Fig. 5 is a perspective exploded view showing the assembly of the chimeric filter of the present invention.

Fig. 6 is a side cross-sectional view showing the chimeric filter of the present invention.

Fig. 7 is a side view sectional view showing the fitting type filter of the present invention.

Fig. 8 is a schematic view showing an embodiment of a core module of the mosaic type filter of the present invention.

Fig. 9 is a schematic view showing an embodiment of a core module of the mosaic type filter of the present invention.

Fig. 10 is a view showing an embodiment of a core module of the mosaic type filter of the present invention.

Figure 11 is a schematic view showing an embodiment of a core module of the chimeric filter of the present invention.

Fig. 12 is a schematic view showing an embodiment of the foolproof mechanism of the chimeric filter of the present invention.

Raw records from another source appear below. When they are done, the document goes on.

(* For every integer $n\ge 4$ there exist $n$ pairwise distinct parallel lines in the plane such that there is no regular $n$-gon whose $n$ vertices lie one on each of these lines. *)

From Stdlib Require Export Reals.
Open Scope R_scope.

(* The line { p | a * p.1 + b * p.2 = c } (a line provided (a,b) <> (0,0)). *)
Definition on_line (a b c : R) (p : R * R) : Prop := a * fst p + b * snd p = c.

Definition regular_polygon (n : nat) (P : nat -> R * R) : Prop :=
  exists (cx cy r th : R), 0 < r /\
    forall k : nat, (k < n)%nat ->
      P k = (cx + r * cos (th + 2 * PI * INR k / INR n),
             cy + r * sin (th + 2 * PI * INR k / INR n)).

From Stdlib Require Import Reals Lra Lia List Permutation FinFun.
Open Scope R_scope.

(* Take the vertical lines x = c_i with c_0 = -T and c_i = i for 0 < i < n,
   where T = 1 + ... + (n-1); then sum c_i = 0 and sum c_i^3 = T^2 - T^3 <> 0.
   The abscissas cx + r cos(th + 2 pi k / n) of a regular n-gon sum to n cx,
   and since cos^3 t = (3 cos t + cos 3t) / 4 and both harmonics 1 and 3 are
   nontrivial modulo n when n >= 4, their centred cubes sum to 0.  Vertices on
   the lines force the two multisets of abscissas to agree, so cx = 0 and
   sum c_i^3 = 0, a contradiction. *)

Definition lsum (l : list R) : R := fold_right Rplus 0 l.

Lemma lsum_app l1 l2 : lsum (l1 ++ l2) = lsum l1 + lsum l2.
Proof. induction l1; simpl; [ring | rewrite IHl1; ring]. Qed.

Lemma lsum_perm l l' : Permutation l l' -> lsum l = lsum l'.
Proof. induction 1; simpl; lra. Qed.

Lemma lsum_map_lin (f g : nat -> R) a b l :
  lsum (map (fun k => a * f k + b * g k) l) = a * lsum (map f l) + b * lsum (map g l).
Proof. induction l; simpl; [ring | rewrite IHl; ring]. Qed.

Lemma lsum_map_const a l : lsum (map (fun _ : nat => a) l) = a * INR (length l).
Proof.
  induction l as [|x l IH]; [simpl; ring|].
  cbn [map length lsum fold_right]; fold (lsum (map (fun _ : nat => a) l)).
  rewrite IH, S_INR; ring.
Qed.

Lemma lsum_map_reindex (g : nat -> R) (s : nat -> nat) n :
  (forall k, (k < n)%nat -> (s k < n)%nat) ->
  (forall i j, (i < n)%nat -> (j < n)%nat -> s i = s j -> i = j) ->
  lsum (map (fun k => g (s k)) (seq 0 n)) = lsum (map g (seq 0 n)).
Proof.
  intros Hrange Hinj.
  assert (Hperm : Permutation (map s (seq 0 n)) (seq 0 n)).
  { apply Permutation_map_same_l.
    - apply Injective_map_NoDup_in; [|apply seq_NoDup].
      intros i j Hi Hj; apply in_seq in Hi, Hj; apply Hinj; lia.
    - intros y Hy; apply in_map_iff in Hy as [k [<- Hk]]; apply in_seq in Hk.
      apply in_seq; specialize (Hrange k); lia. }
  rewrite <- map_map; apply lsum_perm, Permutation_map, Hperm.
Qed.

Lemma lsum_seq1_INR m : lsum (map INR (seq 1 m)) = INR m * (INR m + 1) / 2.
Proof.
  induction m; [simpl; field|].
  rewrite seq_S, map_app, lsum_app, IHm; cbn -[INR]; rewrite !S_INR; field.
Qed.

Lemma lsum_seq1_INR_cube m :
  lsum (map (fun i => INR i ^ 3) (seq 1 m)) = (INR m * (INR m + 1) / 2) ^ 2.
Proof.
  induction m; [simpl; field|].
  rewrite seq_S, map_app, lsum_app, IHm; cbn -[INR]; rewrite !S_INR; field.
Qed.

Lemma cos_cube x : cos x ^ 3 = (3 * cos x + cos (3 * x)) / 4.
Proof.
  replace (3 * x) with (2 * x + x) by ring.
  rewrite cos_plus, cos_2a_cos, sin_2a.
  pose proof (sin2 x) as Hs; unfold Rsqr in Hs.
  replace (2 * sin x * cos x * sin x) with (2 * cos x * (sin x * sin x)) by ring.
  rewrite Hs; field.
Qed.

(* Each term is 2 sin(b/2) cos t = sin(t + b/2) - sin(t - b/2), so the sum telescopes. *)
Lemma lsum_cos_arith_telescope a b m :
  2 * sin (b / 2) * lsum (map (fun k => cos (a + INR k * b)) (seq 0 m))
  = sin (a + INR m * b - b / 2) - sin (a - b / 2).
Proof.
  induction m.
  - simpl; replace (a + 0 * b - b / 2) with (a - b / 2) by ring; ring.
  - rewrite seq_S, map_app, lsum_app, Rmult_plus_distr_l, IHm, S_INR; simpl.
    replace (a + (INR m + 1) * b - b / 2) with (a + INR m * b + b / 2) by field.
    replace (a + INR m * b - b / 2) with (a + INR m * b + - (b / 2)) by ring.
    set (t := a + INR m * b); rewrite !sin_plus, cos_neg, sin_neg; ring.
Qed.

Lemma lsum_cos_harmonic a (j n : nat) : (0 < j < n)%nat ->
  lsum (map (fun k => cos (a + INR k * (2 * PI * INR j / INR n))) (seq 0 n)) = 0.
Proof.
  intros Hjn.
  set (b := 2 * PI * INR j / INR n).
  assert (Hn : 0 < INR n) by (apply lt_0_INR; lia).
  assert (Hj : 0 < INR j) by (apply lt_0_INR; lia).
  assert (Hjn' : INR j < INR n) by (apply lt_INR; lia).
  assert (Hhalf : b / 2 = PI * (INR j / INR n)) by (unfold b; field; lra).
  assert (Hsin : 0 < sin (b / 2)).
  { assert (0 < INR j / INR n < 1).
    { split; [apply Rdiv_lt_0_compat; lra|].
      apply (Rmult_lt_reg_r (INR n)); [lra|]; field_simplify; lra. }
    pose proof PI_RGT_0.
    rewrite Hhalf; apply sin_gt_0; nra. }
  pose proof (lsum_cos_arith_telescope a b n) as H.
  replace (a + INR n * b - b / 2) with (a - b / 2 + 2 * INR j * PI) in H
    by (unfold b; field; lra).
  rewrite sin_period in H.
  apply (Rmult_eq_reg_l (2 * sin (b / 2))); [rewrite H; ring | lra].
Qed.

Definition abscissa (n : nat) (cx r th : R) (k : nat) : R :=
  cx + r * cos (th + 2 * PI * INR k / INR n).

Section RegularAbscissas.

Variables (n : nat) (cx r th : R).
Hypothesis n_gt3 : (3 < n)%nat.

Let angle_harmonic (j : nat) (k : nat) :
  INR j * (th + 2 * PI * INR k / INR n)
  = INR j * th + INR k * (2 * PI * INR j / INR n).
Proof.
  assert (0 < INR n) by (apply lt_0_INR; lia).
  field; lra.
Qed.

Lemma lsum_abscissa : lsum (map (fun k => abscissa n cx r th k) (seq 0 n)) = INR n * cx.
Proof.
  rewrite (map_ext _ (fun k =>
      cx * 1 + r * cos (INR 1 * th + INR k * (2 * PI * INR 1 / INR n)))).
  - rewrite lsum_map_lin, lsum_map_const, lsum_cos_harmonic, length_seq by lia; ring.
  - intro k; unfold abscissa; rewrite <- angle_harmonic; change (INR 1) with 1.
    rewrite Rmult_1_l; ring.
Qed.

Lemma lsum_abscissa_centered_cube :
  lsum (map (fun k => (abscissa n cx r th k - cx) ^ 3) (seq 0 n)) = 0.
Proof.
  rewrite (map_ext _ (fun k =>
      (3 * r ^ 3 / 4) * cos (INR 1 * th + INR k * (2 * PI * INR 1 / INR n))
    + (r ^ 3 / 4) * cos (INR 3 * th + INR k * (2 * PI * INR 3 / INR n)))).
  - rewrite lsum_map_lin, !lsum_cos_harmonic by lia; ring.
  - intro k; unfold abscissa.
    replace ((cx + r * cos (th + 2 * PI * INR k / INR n) - cx) ^ 3)
      with (r ^ 3 * cos (th + 2 * PI * INR k / INR n) ^ 3) by ring.
    rewrite <- !angle_harmonic; change (INR 1) with 1; replace (INR 3) with 3 by (simpl; ring).
    rewrite Rmult_1_l, cos_cube; field.
Qed.

End RegularAbscissas.

Definition triangular (m : nat) : R := INR m * (INR m + 1) / 2.

(* The abscissas of the n = m + 1 lines of the construction. *)
Definition offset (m i : nat) : R := if Nat.eqb i 0 then - triangular m else INR i.

Lemma triangular_ge0 m : 0 <= triangular m.
Proof. unfold triangular; pose proof (pos_INR m); nra. Qed.

Lemma offset_inj m i j : offset m i = offset m j -> i = j.
Proof.
  unfold offset; pose proof (triangular_ge0 m).
  destruct (Nat.eqb_spec i 0), (Nat.eqb_spec j 0); intro Hij; try lia.
  - assert (0 < INR j) by (apply lt_0_INR; lia); lra.
  - assert (0 < INR i) by (apply lt_0_INR; lia); lra.
  - apply INR_eq, Hij.
Qed.

Lemma lsum_offset_pow (p : nat) m :
  lsum (map (fun i => offset m i ^ p) (seq 0 (S m)))
  = (- triangular m) ^ p + lsum (map (fun i => INR i ^ p) (seq 1 m)).
Proof.
  cbn [seq map lsum fold_right]; f_equal.
  apply f_equal, map_ext_in; intros i Hi; apply in_seq in Hi.
  unfold offset; destruct (Nat.eqb_spec i 0); [lia | reflexivity].
Qed.

Lemma lsum_offset m : lsum (map (fun i => offset m i) (seq 0 (S m))) = 0.
Proof.
  rewrite (map_ext _ (fun i => offset m i ^ 1)) by (intro; ring).
  rewrite lsum_offset_pow, (map_ext _ INR) by (intro; ring).
  rewrite lsum_seq1_INR; unfold triangular; ring.
Qed.

Lemma lsum_offset_cube m :
  lsum (map (fun i => offset m i ^ 3) (seq 0 (S m))) = triangular m ^ 2 - triangular m ^ 3.
Proof. rewrite lsum_offset_pow, lsum_seq1_INR_cube; unfold triangular; ring. Qed.

Theorem mainTheorem2 :
  forall n : nat, (4 <= n)%nat ->
  exists (a b : R) (c : nat -> R),
    (a <> 0 \/ b <> 0) /\
    (forall i j : nat, (i < n)%nat -> (j < n)%nat -> c i = c j -> i = j) /\
    ~ (exists P : nat -> R * R,
         regular_polygon n P /\
         exists s : nat -> nat,
           (forall k, (k < n)%nat -> (s k < n)%nat) /\
           (forall i j, (i < n)%nat -> (j < n)%nat -> s i = s j -> i = j) /\
           (forall k, (k < n)%nat -> on_line a b (c (s k)) (P k))).
Proof.
  intros [|m] Hm; [lia|].
  exists 1, 0, (offset m); split; [left; lra|].
  split; [intros i j _ _; apply offset_inj|].
  intros [P [[cx [cy [r [th [_ HP]]]]] [s [Hrange [Hinj Hon]]]]].
  assert (Hvertex : forall g : R -> R,
    lsum (map (fun k => g (abscissa (S m) cx r th k)) (seq 0 (S m)))
    = lsum (map (fun i => g (offset m i)) (seq 0 (S m)))).
  { intro g; rewrite <- (lsum_map_reindex (fun i => g (offset m i)) s _ Hrange Hinj).
    f_equal; apply map_ext_in; intros k Hk; apply in_seq in Hk.
    specialize (Hon k ltac:(lia)); unfold on_line in Hon.
    rewrite HP in Hon by lia; cbn [fst snd] in Hon.
    cbv beta; f_equal; rewrite <- Hon; unfold abscissa; ring. }
  assert (Hcx : cx = 0).
  { pose proof (Hvertex (fun y => y)) as Hsum; cbv beta in Hsum.
    rewrite lsum_abscissa, lsum_offset in Hsum by lia.
    pose proof (lt_0_INR (S m) ltac:(lia)); nra. }
  pose proof (Hvertex (fun y => (y - cx) ^ 3)) as Hcube; cbv beta in Hcube.
  rewrite lsum_abscissa_centered_cube, Hcx in Hcube by lia.
  rewrite (map_ext _ (fun i => offset m i ^ 3)), lsum_offset_cube in Hcube by (intro; ring).
  assert (Hm3 : 3 <= INR m) by (replace 3 with (INR 3) by (simpl; ring); apply le_INR; lia).
  assert (Ht : 1 < triangular m) by (unfold triangular; nra).
  assert (0 < triangular m ^ 2 * (triangular m - 1))
    by (apply Rmult_lt_0_compat; [apply pow_lt|]; lra).
  nra.
Qed.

Figure 13 is a schematic view showing an embodiment of the foolproof mechanism of the chimeric filter of the present invention.

Figure 14 is a schematic view showing an embodiment of the width of the chimeric filter of the present invention.

Fig. 15 is a view showing an arrangement example of a fitting type filter of the present invention.

Fig. 16 is a view showing a setting embodiment of a chimer type filter of the present invention.

Fig. 17 is a view showing an arrangement example of a fitting type filter of the present invention.

2‧‧‧ filter

20‧‧‧Female core module

200, 210‧‧‧ body

201, 211‧‧‧ terminals

203‧‧‧ cover

21‧‧‧Subcore module

Claims (7)

A chisel type filter is mainly characterized in that: a mother iron core module is composed of a body, a cover body, a plurality of iron cores and a plurality of terminal assemblies, wherein a groove is arranged inside; and a sub-core module is provided The utility model comprises a body, a cover body, a plurality of iron cores and a plurality of terminal structures, and is mainly used for fitting into the mother iron core module; the filter is a mother and a child iron core module, and the two are combined by a fitting manner. The terminals are arranged in parallel on both sides for insertion on the circuit board. The chisel type filter according to claim 1, wherein the base body of the female core module forms a plurality of grooves and a plurality of perforations. The chisel type filter according to claim 1, wherein the base of the mother iron core module forms a tenon. The chisel type filter according to claim 1, wherein the sub-core module body forms a groove and a plurality of perforations. The chisel type filter according to claim 1, wherein the sub-core module body forms a recess. The chisel type filter according to claim 1, wherein the width of the mother core module and the sub-core module can be increased or decreased according to requirements. The chisel type filter according to claim 1, wherein the filter can be implemented by juxtaposing one or more sub-core modules and a female core module.